Русь изначальная. Том 2, стр. 57

В ответ на вопрос Каллигон вздернул одно плечо: что ему за дело до человеческой плесени! Он то счастлив, он, евнух, уйдет в смерть без следа. Он смотрел на руку историка, которая превращала гадкую действительность в ее приемлемое подобие.

«Велизарий отдал неаполитанцам женщин и детей и помирил войско с новыми подданными Юстиниана».

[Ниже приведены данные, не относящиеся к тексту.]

Lemma walk_class_e2 c : walk_class vA c \/ walk_class vL2 c <->
  (exists j n, length n = 4%nat /\ c = param_e2_jumper j n) \/
  (exists j n, length n = 1%nat /\ c = param_e2_local j n).
Proof.
  destruct c as [[[[c1 c2] c3] c4] c5]. split; [|intros [H|H]; revert H; walk_class_backward].
  intros H.
  assert (c1 mod 2 = 0 /\ c3 mod 2 = 0 /\ c4 mod 2 = 0 /\ c5 mod 2 = 0 /\ (0 < c4 + c5 -> 0 < c3))%nat
    by (destruct H as [H|H]; cbn [walk_class parity_class] in H; plia).
  destruct (Nat.eq_dec c3 0); [right; walk_class_witness c2 [c1 / 2]%nat
                              |left; walk_class_witness c2 [c1 / 2; c3 / 2 - 1; c4 / 2; c5 / 2]%nat].
Qed.

Lemma walk_class_e3 c : walk_class vA c \/ walk_class vB c <->
  (exists j n, length n = 4%nat /\ c = param_e3_e4 j n) \/
  (exists j n, length n = 3%nat /\ c = param_e3_e5 j n) \/
  (exists j n, length n = 2%nat /\ c = param_e3_local j n).
Proof.
  destruct c as [[[[c1 c2] c3] c4] c5].
  split; [|intros [H|[H|H]]; revert H; walk_class_backward].
  intros H.
  assert (c1 mod 2 = 0 /\ c2 mod 2 = 0 /\ c4 mod 2 = 0 /\ c5 mod 2 = 0 /\ (0 < c4 + c5 -> 0 < c3))%nat
    by (destruct H as [H|H]; cbn [walk_class parity_class] in H; plia).
  destruct (Nat.eq_dec c4 0); [destruct (Nat.eq_dec c5 0)|].
  - right; right; walk_class_witness c3 [c1 / 2; c2 / 2]%nat.
  - right; left; walk_class_witness (c3 - 1)%nat [c1 / 2; c2 / 2; c5 / 2 - 1]%nat.
  - left; walk_class_witness (c3 - 1)%nat [c1 / 2; c2 / 2; c4 / 2 - 1; c5 / 2]%nat.
Qed.

Lemma walk_class_e4 c : walk_class vB c \/ walk_class vL4 c <->
  exists j n, length n = 4%nat /\ c = param_e4 j n.
Proof.
  destruct c as [[[[c1 c2] c3] c4] c5]. split; [|walk_class_backward].
  intros H. assert (c1 mod 2 = 0 /\ c2 mod 2 = 0 /\ c3 mod 2 = 1 /\ c5 mod 2 = 0)%nat
    by (destruct H as [H|H]; cbn [walk_class parity_class] in H; plia).
  walk_class_witness c4 [c1 / 2; c2 / 2; c3 / 2; c5 / 2]%nat.
Qed.

Lemma walk_class_e5 c : walk_class vB c \/ walk_class vL5 c <->
  exists j n, length n = 4%nat /\ c = param_e5 j n.
Proof.
  destruct c as [[[[c1 c2] c3] c4] c5]. split; [|walk_class_backward].
  intros H. assert (c1 mod 2 = 0 /\ c2 mod 2 = 0 /\ c3 mod 2 = 1 /\ c4 mod 2 = 0)%nat
    by (destruct H as [H|H]; cbn [walk_class parity_class] in H; plia).
  walk_class_witness c5 [c1 / 2; c2 / 2; c3 / 2; c4 / 2]%nat.
Qed.

Definition count_H (t1 t2 t3 t4 t5 T : R) : nat :=
  (lattice_count [2 * t2; 2 * t3; 2 * t4; 2 * t5] (T - 2 * t3) + lattice_count [2 * t2] (T - 0)) +
  ((lattice_count [2 * t1; 2 * t3; 2 * t4; 2 * t5] (T - 2 * t3) + lattice_count [2 * t1] (T - 0)) +
  ((lattice_count [2 * t1; 2 * t2; 2 * t4; 2 * t5] (T - (t3 + 2 * t4)) +
    (lattice_count [2 * t1; 2 * t2; 2 * t5] (T - (t3 + 2 * t5)) + lattice_count [2 * t1; 2 * t2] (T - 0))) +
  (lattice_count [2 * t1; 2 * t2; 2 * t3; 2 * t5] (T - t3) +
   lattice_count [2 * t1; 2 * t2; 2 * t3; 2 * t4] (T - t3)))).

Section CountH.
Variables t1 t2 t3 t4 t5 : R.
Hypotheses (h1 : 0 < t1) (h2 : 0 < t2) (h3 : 0 < t3) (h4 : 0 < t4) (h5 : 0 < t5).
Hypothesis time_inj :
  forall c c', walk_time t1 t2 t3 t4 t5 c = walk_time t1 t2 t3 t4 t5 c' -> c = c'.

Let len := tlen t1 t2 t3 t4 t5.
Let time := walk_time t1 t2 t3 t4 t5.

Definition moving_on_edge (T : R) (e : hedge) (x : hvert * R * hedge) : Prop :=
  let '(v, s, e') := x in e' = e /\ departs hvert hedge endsH len vA v s e' /\ s <= T < s + len e'.

Lemma moving_on_edge_card T e a b n :
  endsH e = (a, b) ->
  (forall c, walk_class a c -> coord e c mod 2 = 0)%nat ->
  (forall c, walk_class b c -> coord e c mod 2 = 1)%nat ->
  has_card (fun c => (walk_class a c \/ walk_class b c) /\ T - len e < time c <= T) n ->
  has_card (moving_on_edge T e) n.
Proof.
  intros Hab Ha Hb.
  (* the parity of the traversals of [e] tells from which end the point departed *)
  set (side := fun c => if (coord e c mod 2 =? 0)%nat then a else b).
  assert (side_a : forall c, walk_class a c -> side c = a)
    by (intros c Hc; unfold side; now rewrite Ha).
  assert (side_b : forall c, walk_class b c -> side c = b)
    by (intros c Hc; unfold side; now rewrite Hb).
  assert (Hinc : forall v, incident hvert hedge endsH v e <-> v = a \/ v = b)
    by (intros v; unfold incident; rewrite Hab; simpl; intuition congruence).
  apply (has_card_image _ _ (fun c => (side c, time c, e))).
  - intros c [HW Hw]. repeat split; try lra. apply departs_H_iff.
    destruct HW as [HW|HW]; [rewrite side_a|rewrite side_b]; auto;
      split; try (apply Hinc; auto); exists c; auto.
  - intros c c' _ _ E. injection E; intros. now apply time_inj.
  - intros [[v s] e'] [-> [Hd Hw]]. apply departs_H_iff in Hd as [Hi [c [HW ->]]].
    exists c. unfold time. apply Hinc in Hi as [->| ->].
    + rewrite side_a by auto. repeat split; auto; lra.
    + rewrite side_b by auto. repeat split; auto; lra.
Qed.

Ltac window_premises :=
  first
  [ solve [unfold len; cbn [tlen]; lra]
  | solve [repeat constructor; lra]
  | intros j n Hn; destruct n as [|? [|? [|? [|? [|]]]]]; try discriminate;
    first
    [ solve [unfold_params; cbn [nth]; repeat f_equal; plia]
    | solve [unfold time, len; unfold_params; cbn [nth walk_time tlen lin_comb];
             rewrite ?S_INR, ?plus_INR, ?mult_INR; simpl INR; ring] ] ].

Ltac params_disjoint :=
  intros c [[j [n [_ ->]]] _] [[j' [n' [_ E]]] _]; unfold_params; injection E; lia.

Ltac coord_parity := intros [[[[c1 c2] c3] c4] c5] H; cbn [walk_class parity_class coord] in *; plia.

Lemma moving_on_e1_card T : has_card (moving_on_edge T e1)
  (lattice_count [2 * t2; 2 * t3; 2 * t4; 2 * t5] (T - 2 * t3) + lattice_count [2 * t2] (T - 0)).
Proof.
  apply (moving_on_edge_card T e1 vA vL1); [reflexivity|coord_parity|coord_parity|].
  eapply has_card_split.
  - apply (window_card param_e1_jumper
      (fun c => let '(_, c2, c3, c4, c5) := c in [c2 / 2; c3 / 2 - 1; c4 / 2; c5 / 2]%nat)
      time _ (len e1) (2 * t3) T); window_premises.
  - apply (window_card param_e1_local (fun c => let '(_, c2, _, _, _) := c in [c2 / 2]%nat)
      time _ (len e1) 0 T); window_premises.
  - params_disjoint.
  - intros c. rewrite walk_class_e1. tauto.
Qed.

Lemma moving_on_e2_card T : has_card (moving_on_edge T e2)
  (lattice_count [2 * t1; 2 * t3; 2 * t4; 2 * t5] (T - 2 * t3) + lattice_count [2 * t1] (T - 0)).
Proof.
  apply (moving_on_edge_card T e2 vA vL2); [reflexivity|coord_parity|coord_parity|].
  eapply has_card_split.
  - apply (window_card param_e2_jumper
      (fun c => let '(c1, _, c3, c4, c5) := c in [c1 / 2; c3 / 2 - 1; c4 / 2; c5 / 2]%nat)
      time _ (len e2) (2 * t3) T); window_premises.
  - apply (window_card param_e2_local (fun c => let '(c1, _, _, _, _) := c in [c1 / 2]%nat)
      time _ (len e2) 0 T); window_premises.
  - params_disjoint.
  - intros c. rewrite walk_class_e2. tauto.
Qed.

Хорошо, умно сказано! Кстати, лагерные торгаши сейчас бродят по темному городу и продают голым жителям за золотые солиды и серебряные миллиарезии одежду, сбытую солдатами за медные оболы.

Да, и это не забудется… Прокопий писал:

«Так довелось неаполитанцам в течение одного дня сделаться рабами и вернуть себе свободу. И так как их враги не знали их тайных местечек, они, вернувшись в свои дома, вновь приобрели самое ценное из своего имущества, золото, серебро и другое наиболее дорогое, что они, как все осажденные, давно зарыли в землю».

Острый ноготь Каллигона подчеркнул написанное ранее слово «женщины». Склонив голову набок в знак понимания и согласия, историк изобразил над словом крючок, а на поле приписал: «не претерпевших никакого насилия».

Посмотрев один на другого, друзья безмолвно насладились юмором вставки. Между ними такое называлось – кадить дуракам прямо в глаза.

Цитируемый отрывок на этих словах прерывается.